Further, for example, the focus convergence position is the rear position of the speaker array. In this case, the virtual sound source is synthesized at the rear position of the speaker array. By synthesizing the virtual sound source at such a position, it is possible to improve the sense of distance in sound image localization.

  In the present technology, for example, an audio signal output from each speaker of the speaker array is configured such that the audio formed by the audio signal is a plane wave. In this case, it is possible to make the state of reflection and diffraction on the wearer's pinna close to the reproduction of the speaker placed away from the wearer, and natural sound image localization is possible.
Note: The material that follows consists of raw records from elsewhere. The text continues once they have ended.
Lemma fconnect_excise_iter n y :
  y != c -> iter n g y != c -> fconnect excise y (iter n g y).
Proof.
elim: n {-2}n (leqnn n) y => [|N IH] n.
  by rewrite leqn0 => /eqP -> y _ _; exact: connect0.
case: n => [|n] Hn y yc; first by move=> _; exact: connect0.
rewrite iterSr.
case: (eqVneq (g y) c) => gy.
  case: n Hn => [|m] Hm; first by rewrite /= gy eqxx.
  rewrite gy iterSr => Hit.
  have gc : g c != c.
    by apply/negP => /eqP E; move: Hit; rewrite E iter_fix ?eqxx.
  apply: connect_trans (connect1 _) (IH m _ _ gc Hit).
    by rewrite /= /excise gy eqxx.
  by rewrite -ltnS ltnW.
move=> Hit; apply: connect_trans (connect1 _) (IH n _ _ gy Hit).
  by rewrite /= /excise (negbTE gy).
by rewrite -ltnS.
Qed.

Lemma fconnect_excise y z :
  y != c -> z != c -> fconnect g y z -> fconnect excise y z.
Proof.
move=> yc zc /iter_findex E; rewrite -E.
by apply: fconnect_excise_iter; rewrite ?E.
Qed.

End Excise.

Lemma card_imset_kernel (X Y1 Y2 : finType) (h1 : X -> Y1) (h2 : X -> Y2)
    (A : {set X}) :
  {in A &, forall x y, (h1 x == h1 y) = (h2 x == h2 y)} ->
  #|h1 @: A| = #|h2 @: A|.
Proof.
move=> K.
case: (set_0Vmem A) => [->|[x0 x0A]]; first by rewrite !imset0 !cards0.
pose g r := h2 (odflt x0 [pick x in A | h1 x == r]).
have gE : {in A, forall x, g (h1 x) = h2 x}.
  move=> x xA; rewrite /g; case: pickP => [y /andP[yA /eqP E]|/(_ x)].
    by apply/eqP; rewrite /= -K // E.
  by rewrite xA eqxx.
have -> : h2 @: A = g @: (h1 @: A).
  by rewrite -imset_comp; apply: eq_in_imset => x xA /=; rewrite gE.
symmetry; apply: card_in_imset => _ _ /imsetP[x xA ->] /imsetP[y yA ->].
by rewrite !gE // => /eqP; rewrite -K // => /eqP.
Qed.

(* Removing two points [p], [q] in distinct orbits of [f] and rerouting
   around them fuses these two orbits, so the orbit count drops by one. *)
Section Reroute.
Variables (D : finType) (f f' : D -> D) (A A' : {set D}) (p q : D).
Hypothesis f_inj : injective f.
Hypothesis f'_inj : injective f'.
Hypothesis A'E : forall d, (d \in A') = [&& d \in A, d != p & d != q].
Hypothesis f_closed : forall d, d \in A -> f d \in A.
Hypothesis f'E : forall d, f' d = if d \in A' then
   (if f d == p then f q else if f d == q then f p else f d) else d.
Hypothesis not_fconnect_pq : ~~ fconnect f p q.
Hypothesis fpA' : f p \in A'.
Hypothesis fqA' : f q \in A'.

Local Notation R := (fconnect f).

Let Rsym x y : R x y = R y x. Proof. exact: fconnect_sym. Qed.
Let Rtrans x y z : R x y -> R y z -> R x z. Proof. exact: connect_trans. Qed.

Definition fused x y := R x y || ((R x p || R x q) && (R y p || R y q)).

Lemma fused_trans x y z : fused x y -> fused y z -> fused x z.
Proof.
rewrite /fused.
case/orP=> [Rxy|/andP[Hx Hy]]; case/orP=> [Ryz|/andP[Hy' Hz]].
- by rewrite (Rtrans Rxy Ryz).
- by case/orP: Hy' => H; rewrite (Rtrans Rxy H) Hz ?orbT.
- by rewrite Rsym in Ryz; case/orP: Hy => H; rewrite (Rtrans Ryz H) Hx ?orbT.
- by rewrite Hx Hz orbT.
Qed.

Lemma fused_step z : fused z (f' z).
Proof.
rewrite f'E /fused; case: ifP => zA; last by rewrite connect0.
have Hq : R (f q) q by rewrite Rsym fconnect1.
have Hp : R (f p) p by rewrite Rsym fconnect1.
case: ifP => [/eqP E|_].
  have Rz : R z p by rewrite -E fconnect1.
  by rewrite Rz Hq !orbT.
case: ifP => [/eqP E|_]; last by rewrite fconnect1.
have Rz : R z q by rewrite -E fconnect1.
by rewrite Rz Hp !orbT.
Qed.

Lemma fused_of_fconnect x y : fconnect f' x y -> fused x y.
Proof.
move/iter_findex => <-; elim: (findex _ _ _) => [|n IH].
  by rewrite /fused connect0.
by rewrite iterS; apply: fused_trans IH (fused_step _).
Qed.

Lemma iter_reroute_agree n x : x \in A ->
  (forall i, i <= n -> (iter i f x != p) && (iter i f x != q)) ->
  iter n f' x = iter n f x.
Proof.
elim: n x => [//|n IH] x xA H.
rewrite !iterSr.
have xA' : x \in A' by rewrite A'E xA; exact: (H 0).
have /andP[fp fq] := H 1 isT.
have -> : f' x = f x by rewrite f'E xA' /= (negbTE fp) (negbTE fq).
apply: IH; first exact: f_closed.
by move=> i le; rewrite -iterSr; apply: H.
Qed.

Lemma fconnect_reroute_away x y :
  x \in A -> ~~ R x p -> ~~ R x q -> R x y -> fconnect f' x y.
Proof.
move=> xA nxp nxq Rxy.
rewrite -(iter_findex Rxy) -iter_reroute_agree //; first exact: fconnect_iter.
move=> i _; apply/andP; split.
  by apply: contraNneq nxp => <-; exact: fconnect_iter.
by apply: contraNneq nxq => <-; exact: fconnect_iter.
Qed.

Lemma fconnect_reroute_jump a b x : (a == p) && (b == q) || (a == q) && (b == p) ->
  x \in A' -> R x a -> fconnect f' x (f b).
Proof.
move=> ab xA' Rxa.
have pq : p != q by apply: contraNneq not_fconnect_pq => ->; exact: connect0.
have nab : ~~ R a b.
  by case/orP: ab => /andP[/eqP-> /eqP->] //; rewrite Rsym.
have f'a : forall d, d \in A' -> f d == a -> f' d = f b.
  move=> d dA' /eqP fd; rewrite f'E dA' fd.
  case/orP: ab => /andP[/eqP-> /eqP->]; first by rewrite eqxx.
  by rewrite eqxx [q == p]eq_sym (negbTE pq).
have xA : x \in A by move: xA'; rewrite A'E => /and3P[].
have xa : x != a.
  by move: xA'; rewrite A'E; case/orP: ab => /andP[/eqP-> _] /and3P[].
set n := findex f x a.
have En : iter n f x = a := iter_findex Rxa.
have nlt : n < order f x := findex_max Rxa.
case En0 : n => [|m].
  by move: En; rewrite En0 /= => E; rewrite E eqxx in xa.
have H : forall i, i <= m -> (iter i f x != p) && (iter i f x != q).
  move=> i le.
  have ia : iter i f x != a.
    apply/negP => /eqP E.
    have : findex f x (iter i f x) = i.
      by apply: findex_iter; rewrite (leq_ltn_trans le) // -ltnS -En0 ltnW.
    by rewrite E -/n En0 => Ei; rewrite -Ei ltnn in le.
  have ib : iter i f x != b.
    apply/negP => /eqP E; move: nab; rewrite -E.
    by rewrite Rsym in Rxa; rewrite (Rtrans Rxa (fconnect_iter _ _ _)).
  by case/orP: ab => /andP[/eqP ea /eqP eb]; rewrite -ea -eb ?ia ?ib // ib ia.
have dA' : iter m f x \in A'.
  rewrite A'E H // andbT.
  by elim: (m) => //= k IH; exact: f_closed.
apply: connect_trans (fconnect_iter f' m x) _.
rewrite (iter_reroute_agree xA H) -(f'a _ dA'); first exact: fconnect1.
by rewrite -iterS -En0 En.
Qed.

Lemma fconnect_reroute_hub z : z \in A' -> R z p || R z q -> fconnect f' z (f p).
Proof.
have pq : (p == p) && (q == q) || (p == q) && (q == p) by rewrite !eqxx.
have qp : (q == p) && (p == q) || (q == q) && (p == p) by rewrite !eqxx orbT.
move=> zA' /orP[Rzp|Rzq]; last exact: (fconnect_reroute_jump qp zA' Rzq).
apply: connect_trans (fconnect_reroute_jump pq zA' Rzp) _.
by apply: (fconnect_reroute_jump qp fqA'); rewrite Rsym fconnect1.
Qed.

Lemma fconnect_rerouteE x y :
  x \in A' -> y \in A' -> fconnect f' x y = fused x y.
Proof.
move=> xA' yA'; apply/idP/idP; first exact: fused_of_fconnect.
have xA : x \in A by move: xA'; rewrite A'E => /and3P[].
have hub2 u' w' : u' \in A' -> w' \in A' -> R u' p || R u' q ->
    R w' p || R w' q -> fconnect f' u' w'.
  move=> uA' wA' Hu Hw; apply: connect_trans (fconnect_reroute_hub uA' Hu) _.
  by rewrite fconnect_sym //; exact: fconnect_reroute_hub.
case/orP => [Rxy|/andP[Hx Hy]]; last exact: hub2.
case: (boolP (R x p || R x q)) => Hx.
  apply: hub2 => //.
  by case/orP: Hx => H; rewrite Rsym in Rxy; rewrite (Rtrans Rxy H) ?orbT.
by move: Hx; rewrite negb_or => /andP[nxp nxq]; exact: fconnect_reroute_away.
Qed.

Let rootE u w : (froot f u == froot f w) = R u w.
Proof. by apply: root_connect; exact: fconnect_sym. Qed.

Let Rfp : R (f p) p. Proof. by rewrite Rsym fconnect1. Qed.
Let Rfq : R (f q) q. Proof. by rewrite Rsym fconnect1. Qed.

Definition off_q := [set d in A' | ~~ R d q].

Lemma froots_restrict :
  [set froot f d | d in A] = [set froot f d | d in A'].
Proof.
apply/eqP; rewrite eqEsubset; apply/andP; split; last first.
  by apply: imsetS; apply/subsetP => d; rewrite A'E => /and3P[].
apply/subsetP => _ /imsetP[d dA ->].
have fsym : connect_sym (frel f) := fconnect_sym f_inj.
case: (eqVneq d p) => [->|dp].
  by apply/imsetP; exists (f p) => //; apply/(rootP fsym); rewrite Rsym.
case: (eqVneq d q) => [->|dq].
  by apply/imsetP; exists (f q) => //; apply/(rootP fsym); rewrite Rsym.
by apply/imsetP; exists d => //; rewrite A'E dA dp dq.
Qed.

Lemma card_froots_off_q :
  #|[set froot f d | d in A']| = #|[set froot f d | d in off_q]| + 1.
Proof.
have -> : [set froot f d | d in A'] = froot f (f q) |: [set froot f d | d in off_q].
  apply/eqP; rewrite eqEsubset; apply/andP; split; apply/subsetP.
    move=> _ /imsetP[d dA' ->]; rewrite !inE.
    case: (boolP (R d q)) => Rdq.
      by rewrite rootE (Rtrans Rdq) // Rsym.
    by apply/orP; right; apply/imsetP; exists d; rewrite // inE dA' Rdq.
  move=> r; rewrite !inE => /orP[/eqP ->|/imsetP[d]].
    by apply/imsetP; exists (f q).
  by rewrite inE => /andP[dA' _] ->; apply/imsetP; exists d.
rewrite cardsU1 addnC; congr (_ + _); apply/eqP; rewrite eqb1.
apply/imsetP => -[d]; rewrite inE => /andP[_ nRdq] /eqP; rewrite rootE => Rqd.
by move: nRdq; rewrite Rsym in Rqd; rewrite (Rtrans Rqd Rfq).
Qed.

Lemma card_froots_reroute_off_q :
  #|[set froot f' d | d in A']| = #|[set froot f d | d in off_q]|.
Proof.
have rootE' u w : (froot f' u == froot f' w) = fconnect f' u w.
  by apply: root_connect; exact: fconnect_sym.
have -> : [set froot f' d | d in A'] = [set froot f' d | d in off_q].
  apply/eqP; rewrite eqEsubset; apply/andP; split; last first.
    by apply: imsetS; apply/subsetP => d; rewrite inE => /andP[].
  apply/subsetP => _ /imsetP[d dA' ->].
  case: (boolP (R d q)) => Rdq; last by apply/imsetP; exists d; rewrite // inE dA' Rdq.
  have fpB : f p \in off_q.
    by rewrite inE fpA' /=; apply: contra not_fconnect_pq; apply: Rtrans; rewrite Rsym.
  apply/imsetP; exists (f p) => //; apply/eqP.
  by rewrite rootE' fconnect_rerouteE // /fused Rdq Rfp !orbT.
apply: card_imset_kernel => d1 d2; rewrite !inE => /andP[d1A' n1] /andP[d2A' n2].
rewrite rootE rootE' fconnect_rerouteE // /fused (negbTE n1) (negbTE n2) !orbF.
case: (boolP (R d1 p)) => /= H1; case: (boolP (R d2 p)) => /= H2; rewrite ?orbF ?orbT //.
by rewrite Rsym in H2; rewrite (Rtrans H1 H2).
Qed.

Lemma card_froots_reroute :
  #|[set froot f d | d in A]| = #|[set froot f' d | d in A']| + 1.
Proof.
by rewrite froots_restrict card_froots_off_q card_froots_reroute_off_q.
Qed.

End Reroute.

Section RotationSystem.
Variables (T : finType) (e : rel T) (rot : T -> T -> T).
Hypothesis sg : simple_graph e.
Hypothesis rs : rotation_system e rot.

Let esym : symmetric e := sg.1.
Let eirr : irreflexive e := sg.2.

Local Notation f := (face_succ e rot).

Lemma face_succE x y : f (x, y) = if e x y then (y, rot y x) else (x, y).
Proof. by []. Qed.

Lemma rot_adj s y : e s y -> e s (rot s y).
Proof. by case: (rs s) => H _ _; exact: H. Qed.

Lemma rot_inj s y z : e s y -> e s z -> rot s y = rot s z -> y = z.
Proof. by case: (rs s) => _ H _ ey ez; exact: H. Qed.

Lemma rot_fconnect s y z : e s y -> e s z -> fconnect (rot s) y z.
Proof. by case: (rs s) => _ _ H; exact: H. Qed.

Lemma rot_fixed_eq s y z : e s y -> rot s y = y -> e s z -> z = y.
Proof.
move=> ey fx ez; have := rot_fconnect ey ez.
by move/iter_findex => <-; rewrite iter_fix.
Qed.

Lemma face_succ_inj : injective f.
Proof.
move=> [x1 y1] [x2 y2]; rewrite /face_succ /=.
case: ifP => e1; case: ifP => e2 //.
- case=> E1 E2; subst y2; congr pair.
  by apply: (rot_inj (s:=y1) _ _ E2); rewrite esym.
- by case=> E1 E2; move: e2; rewrite -E1 -E2 rot_adj // esym.
- by case=> E1 E2; move: e1; rewrite E1 E2 rot_adj // esym.
Qed.

Lemma face_succ_dart d : d \in darts e -> f d \in darts e.
Proof.
case: d => x y; rewrite !inE /= => exy; rewrite face_succE exy /=.
by apply: rot_adj; rewrite esym.
Qed.

Lemma face3_common_neighbor a b : e a b -> order f (a, b) == 3 ->
  exists x, e a x /\ e b x.
Proof.
move=> eab /eqP o3; have := iter_order face_succ_inj (a, b); rewrite o3.
have eba : e b a by rewrite esym.
have e1 : e b (rot b a) := rot_adj eba.
have e1' : e (rot b a) b by rewrite esym.
have e2 : e (rot b a) (rot (rot b a) b) := rot_adj e1'.
rewrite /= face_succE eab face_succE e1 face_succE e2; case=> E1 _.
by exists (rot b a); split => //; rewrite esym; move: e2; rewrite E1.
Qed.

(* On a face of length 3 through the dart (a, b), the reverse dart (b, a)
   would have to be one of its three darts, which forces b to have a single
   neighbour. *)
Lemma face3_not_fconnect_rev a b z : e a b -> e b z -> z != a ->
  order f (a, b) == 3 -> ~~ fconnect f (a, b) (b, a).
Proof.
move=> eab ebz za o3.
have eba : e b a by rewrite esym.
have e1 : e b (rot b a) := rot_adj eba.
rewrite fconnect_orbit /orbit (eqP o3) /= !inE.
rewrite face_succE eab face_succE e1 !xpair_eqE.
apply/negP => /or3P[/andP[/eqP ba _]|/andP[_ /eqP ar]|/andP[/eqP br _]].
- by move: eab; rewrite ba eirr.
- by move: za; rewrite (rot_fixed_eq eba (Logic.eq_sym ar) ebz) eqxx.
- by move: e1; rewrite -br eirr.
Qed.
Lemma coef_wpoly n k : (wpoly n)`_k = (-1) ^+ k * (stirling2 n k * k`!)%:R.
Proof.
elim: n k => [|n IH] [|k].
- by rewrite coef1 expr0 mul1r.
- by rewrite coef1 stirling2_0S mul0n mulr0.
- by rewrite wpolyS /theta coefXM /= mulr0.
rewrite wpolyS /theta coefXM [LHS]/= /delta coef_deriv mulrBl mul1r coefB coefXM [LHS]/=.
rewrite !IH stirling2SS factS exprS !(natrM, natrD); ring.
Qed.

Lemma size_wpoly n : (size (wpoly n) <= n.+1)%N.
Proof. by apply/leq_sizeP => k lt_nk; rewrite coef_wpoly stirling2_small // mul0n mulr0. Qed.

Lemma horner_compl (x : K) : (1 - 'X).[x] = 1 - x.
Proof. by rewrite hornerD hornerN hornerX hornerC. Qed.

Lemma mirror1 : mirror 1 = 1 :> {poly K}.
Proof. by rewrite -polyC1 comp_polyC. Qed.

Lemma mirror_compl : mirror (1 - 'X) = 'X :> {poly K}.
Proof. by rewrite comp_polyB mirror1 comp_polyX opprB addrC subrK. Qed.

Lemma mirrorK p : mirror (mirror p) = p.
Proof. by rewrite -comp_polyA mirror_compl comp_polyXr. Qed.

Lemma deriv_mirror p : (mirror p)^`() = - mirror p^`().
Proof. by rewrite deriv_comp !derivE sub0r mulrN1. Qed.

Lemma mirror_theta p : mirror (theta p) = - (mirror p + theta (mirror p)).
Proof.
have mirror_deriv q : mirror q^`() = - (mirror q)^`() by rewrite deriv_mirror opprK.
rewrite /theta /delta comp_polyM comp_polyX mirror_deriv comp_polyM mirror_compl !derivE.
ring.
Qed.
Let D2_01 pi : (0 <= D pi ^+ 2 <= 1)%R.
Proof.
rewrite sqr_ge0/=; have := mean_reward01 M0 pi; have := mean_reward01 Mbar pi.
by rewrite /D; nra.
Qed.

Lemma integral_gM_le_of_sqr_bounds :
  (D a ^+ 2 <= 3 * eps ^+ 2)%R ->
  \int[p]_pi (D pi ^+ 2)%:E <= (3 * eps ^+ 2)%:E ->
  \int[p]_pi gM Mbar pi <= \int[p]_pi gM M0 pi + (4 * eps)%:E.
Proof.
move=> Da Dp; have c0 : (0 <= (4 * eps)^-1)%R by rewrite invr_ge0 mulr_ge0// ltW.
rewrite -(fineK_integral_unit_bounded (probability_setT p) D2_01) lee_fin in Dp.
set Ep := fine _ in Dp.
set K := ((4 * eps)^-1 * D a ^+ 2 + 5 / 2 * eps)%R.
have K0 : (0 <= K)%R by apply: addr_ge0; apply: mulr_ge0; rewrite ?sqr_ge0// ltW.
have K_le : (K + (4 * eps)^-1 * Ep <= 4 * eps)%R.
  have : ((4 * eps)^-1 * D a ^+ 2 <= 3 / 4 * eps)%R.
    by rewrite mulrC ler_pdivrMr ?mulr_gt0//; nra.
  have : ((4 * eps)^-1 * Ep <= 3 / 4 * eps)%R.
    by rewrite mulrC ler_pdivrMr ?mulr_gt0//; nra.
  rewrite /K; lra.
have mD2 : measurable_fun setT (fun pi => D pi ^+ 2)%R.
  by apply/measurable_funX/measurable_funB; exact: measurable_mean_reward.
have mcD2 : measurable_fun setT (fun pi => (4 * eps)^-1 * D pi ^+ 2)%R.
  exact: measurable_funM.
have mgap : measurable_fun setT (fun pi => opt_reward M0 - mean_reward M0 pi)%R.
  by apply: measurable_funB => //; exact: measurable_mean_reward.
have gap0 pi : (0 <= opt_reward M0 - mean_reward M0 pi)%R.
  by rewrite subr_ge0 mean_reward_le_opt.
under eq_integral do rewrite gME//.
under [X in _ <= X + _]eq_integral do rewrite gME//.
apply: le_trans (_ : \int[p]_pi (opt_reward M0 - mean_reward M0 pi +
                                 (K + (4 * eps)^-1 * D pi ^+ 2))%:E <= _).
  apply: le_ge0_integral => pi; rewrite lee_fin ?subr_ge0 ?mean_reward_le_opt//.
  have := regret_transfer (mean_reward Mbar pi) (mean_reward M0 pi) eps0 Ha
    (mean_reward_le_opt HM0 a).
  by rewrite -/(D a) -/(D pi) -/K addrA.
rewrite [leLHS]ge0_integralD_EFin//; last 2 first.
- by apply: measurable_funD => //; exact: measurable_funM.
- by move=> pi; rewrite addr_ge0// mulr_ge0// sqr_ge0.
rewrite [X in _ + X <= _]ge0_integralD_EFin//; last by move=> pi; rewrite mulr_ge0// sqr_ge0.
rewrite ge0_integralZl_EFinM//; last by move=> pi; rewrite sqr_ge0.
rewrite integral_cst//= probability_setT mule1 leeD2l//.
by rewrite -(fineK_integral_unit_bounded (probability_setT p) D2_01) -EFinM -EFinD lee_fin.
Qed.

Lemma sqr_bounds_of_mix3 (q : probability Pi R) :
  \int[mix3 q p \d_a]_pi hellinger2 (M0 pi) (Mbar pi) <= (eps ^+ 2)%:E ->
  (D a ^+ 2 <= 3 * eps ^+ 2)%R /\ \int[p]_pi (D pi ^+ 2)%:E <= (3 * eps ^+ 2)%:E.
Proof.
have D20 pi : 0 <= (D pi ^+ 2)%:E by rewrite lee_fin sqr_ge0.
have mD2 : measurable_fun setT (fun pi => (D pi ^+ 2)%:E).
  by apply/measurable_EFinP/measurable_funX/measurable_funB; exact: measurable_mean_reward.
move=> /(le_trans (le_ge0_integral _ D20 (sqr_mean_reward_diff_le_hellinger2 M0 Mbar))).
rewrite ge0_integral_mix3// integral_dirac// diracE in_setT mul1e.
have /andP[+ _] := integral_unit_bounded (probability_setT p) D2_01.
have /andP[+ _] := integral_unit_bounded (probability_setT q) D2_01.
rewrite -(fineK_integral_unit_bounded (probability_setT p) D2_01).
rewrite -(fineK_integral_unit_bounded (probability_setT q) D2_01).
rewrite -!EFinD -EFinM !lee_fin.
have := sqr_ge0 (D a); lra.
Qed.

End comparison.

Section dec_inner.
Context {R : realType} {dP dO : measure_display}
  {Pi : measurableType dP} {O : measurableType dO}.
Local Notation model := (@model R dP dO Pi O).
Variables (Mc : set model) (Mbar : model) (e : R) (p q : probability Pi R).

Lemma dec_inner_le (X : \bar R) : 0 <= X ->
  (forall M, Mc M -> \int[q]_pi hellinger2 (M pi) (Mbar pi) <= (e ^+ 2)%:E ->
     \int[p]_pi gM M pi <= X) ->
  dec_inner Mc Mbar e p q <= X.
Proof.
move=> X0 HX; rewrite /dec_inner; case: pselect => // S0.
by apply: ge_ereal_sup => _ [M HM [HMq ->]]; exact: HX.
Qed.

Lemma le_dec_inner M : Mc M ->
  \int[q]_pi hellinger2 (M pi) (Mbar pi) <= (e ^+ 2)%:E ->
  \int[p]_pi gM M pi <= dec_inner Mc Mbar e p q.
Proof.
move=> HM HMq; rewrite /dec_inner; case: pselect => [S0|S0].
  by have : set0 (\int[p]_pi gM M pi) by rewrite -S0; exists M.
by apply: ereal_sup_ubound; exists M.
Qed.

Lemma dec_inner_ge0 : (forall M, Mc M -> is_model M) -> 0 <= dec_inner Mc Mbar e p q.
Proof.
move=> HMc; rewrite /dec_inner; case: pselect => // S0.
have /eqP/set0P[v Sv] := S0.
apply: le_trans (ereal_sup_ubound Sv); case: Sv => M /HMc HM [_ ->].
by apply: integral_ge0 => pi _; rewrite gME// lee_fin subr_ge0 mean_reward_le_opt.
Qed.

End dec_inner.

Section add_reference.
Context {R : realType} {dP dO : measure_display}
  {Pi : measurableType dP} {O : measurableType dO}.
Local Notation model := (@model R dP dO Pi O).
Variables (Mc : set model) (Mbar : model).
Hypotheses (HMc : forall M, Mc M -> is_model M) (HMbar : is_model Mbar).
Variables (eps : R) (eps0 : (0 < eps)%R) (p q : probability Pi R) (a : Pi).
Hypothesis Ha : (opt_reward Mbar <= mean_reward Mbar a + eps / 2)%R.

Local Notation q' := (mix3 q p \d_a).

Lemma le_dec_inner_mix3 M : Mc M ->
  \int[q']_pi hellinger2 (M pi) (Mbar pi) <= (eps ^+ 2)%:E ->
  \int[p]_pi gM M pi <= dec_inner Mc Mbar (Num.sqrt 3 * eps) p q.
Proof.
move=> HM HMq'; apply: le_dec_inner => //.
apply: le_trans (integral_le_mix3 _ p \d_a (fun pi => hellinger2_ge0 _ _)) _.
by rewrite exprMn sqr_sqrtr// EFinM lee_wpmul2l.
Qed.

Lemma exists_dec_inner_add_reference_le : exists p' : probability Pi R,
  dec_inner (Mc `|` [set Mbar]) Mbar eps p' q' <=
  dec_inner Mc Mbar (Num.sqrt 3 * eps) p q + (4 * eps)%:E.
Proof.
set X := dec_inner Mc Mbar _ p q.
have eps4 : 0 <= (4 * eps)%:E by rewrite lee_fin mulr_ge0// ltW.
have X4 : 0 <= X + (4 * eps)%:E by rewrite adde_ge0 ?dec_inner_ge0.
have [[M0 [HM0 HM0q']]|infeasible] := pselect (exists M0, Mc M0 /\
    \int[q']_pi hellinger2 (M0 pi) (Mbar pi) <= (eps ^+ 2)%:E).
- exists p; apply: dec_inner_le => // M [HM|->] HMq'.
    by apply: le_trans (le_dec_inner_mix3 HM HMq') _; rewrite leeDl.
  have [Da Dp] := sqr_bounds_of_mix3 HM0q'.
  apply: le_trans (integral_gM_le_of_sqr_bounds HMbar (HMc HM0) eps0 Ha Da Dp) _.
  by rewrite leeD2r// le_dec_inner_mix3.
- exists \d_a; apply: dec_inner_le => // M [HM|->] HMq'.
    by exfalso; apply: infeasible; exists M.
  under eq_integral do rewrite gME//.
  rewrite integral_dirac ?diracE ?in_setT ?mul1e//; last first.
    by apply/measurable_EFinP/measurable_funB => //; exact: measurable_mean_reward.
  apply: le_trans (_ : (4 * eps)%:E <= _); last by rewrite leeDr ?dec_inner_ge0.
  have := eps0; have := Ha; rewrite lee_fin; lra.
Qed.

End add_reference.

Theorem proposition4p10 (R : realType) (dP dO : measure_display)
  (Pi : measurableType dP) (O : measurableType dO)
  (Mc : set (@model R dP dO Pi O)) (Mbar : @model R dP dO Pi O) (eps : R) :
  (forall M, Mc M -> is_model M) -> is_model Mbar -> (0 < eps)%R ->
  dec_c_pac eps (Mc `|` [set Mbar]) Mbar
    <= dec_c_pac (Num.sqrt 3 * eps) Mc Mbar + (4 * eps)%:E.
Proof.
move=> HMc HMbar eps0.
rewrite -leeBlDr//; apply/ereal_infP => _ [p [q ->]]; rewrite leeBlDr//.
have [pi0] := probability_inhabited p.
have [a Ha] := exists_near_optimal HMbar pi0 (divr_gt0 eps0 (ltr0Sn _ 1)).
have [p' Hp'] := exists_dec_inner_add_reference_le HMc HMbar eps0 p q Ha.
by apply: le_trans Hp'; apply: ereal_inf_lbound; exists p', (mix3 q p \d_a).
Qed.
  The present technology further includes a head movement detection unit that detects a head state of the wearer, and a sound image formed by an audio signal based on the head state of the wearer detected by the head movement detection unit. The localization control may be performed. For example, the focus convergence position is changed based on the head state of the wearer. In this case, even if the wearer's head moves, the sound image localization position can be corrected so as not to shift, and for example, the sound image position can be matched with the video position.

  In the present technology, for example, each sound reproducing unit is disposed in front of or behind the ear of the wearer. In this case, for example, the sound generation surface of the speaker array is set to have a predetermined angle with respect to the surface facing the ears of the wearer. Thereby, for example, even when each sound reproducing unit is arranged in front of the wearer's pinna, it is possible to reduce disturbance in characteristics due to reflection on the speaker array.

  According to the present technology, it is possible to provide a good headphone device that reproduces a two-channel audio signal.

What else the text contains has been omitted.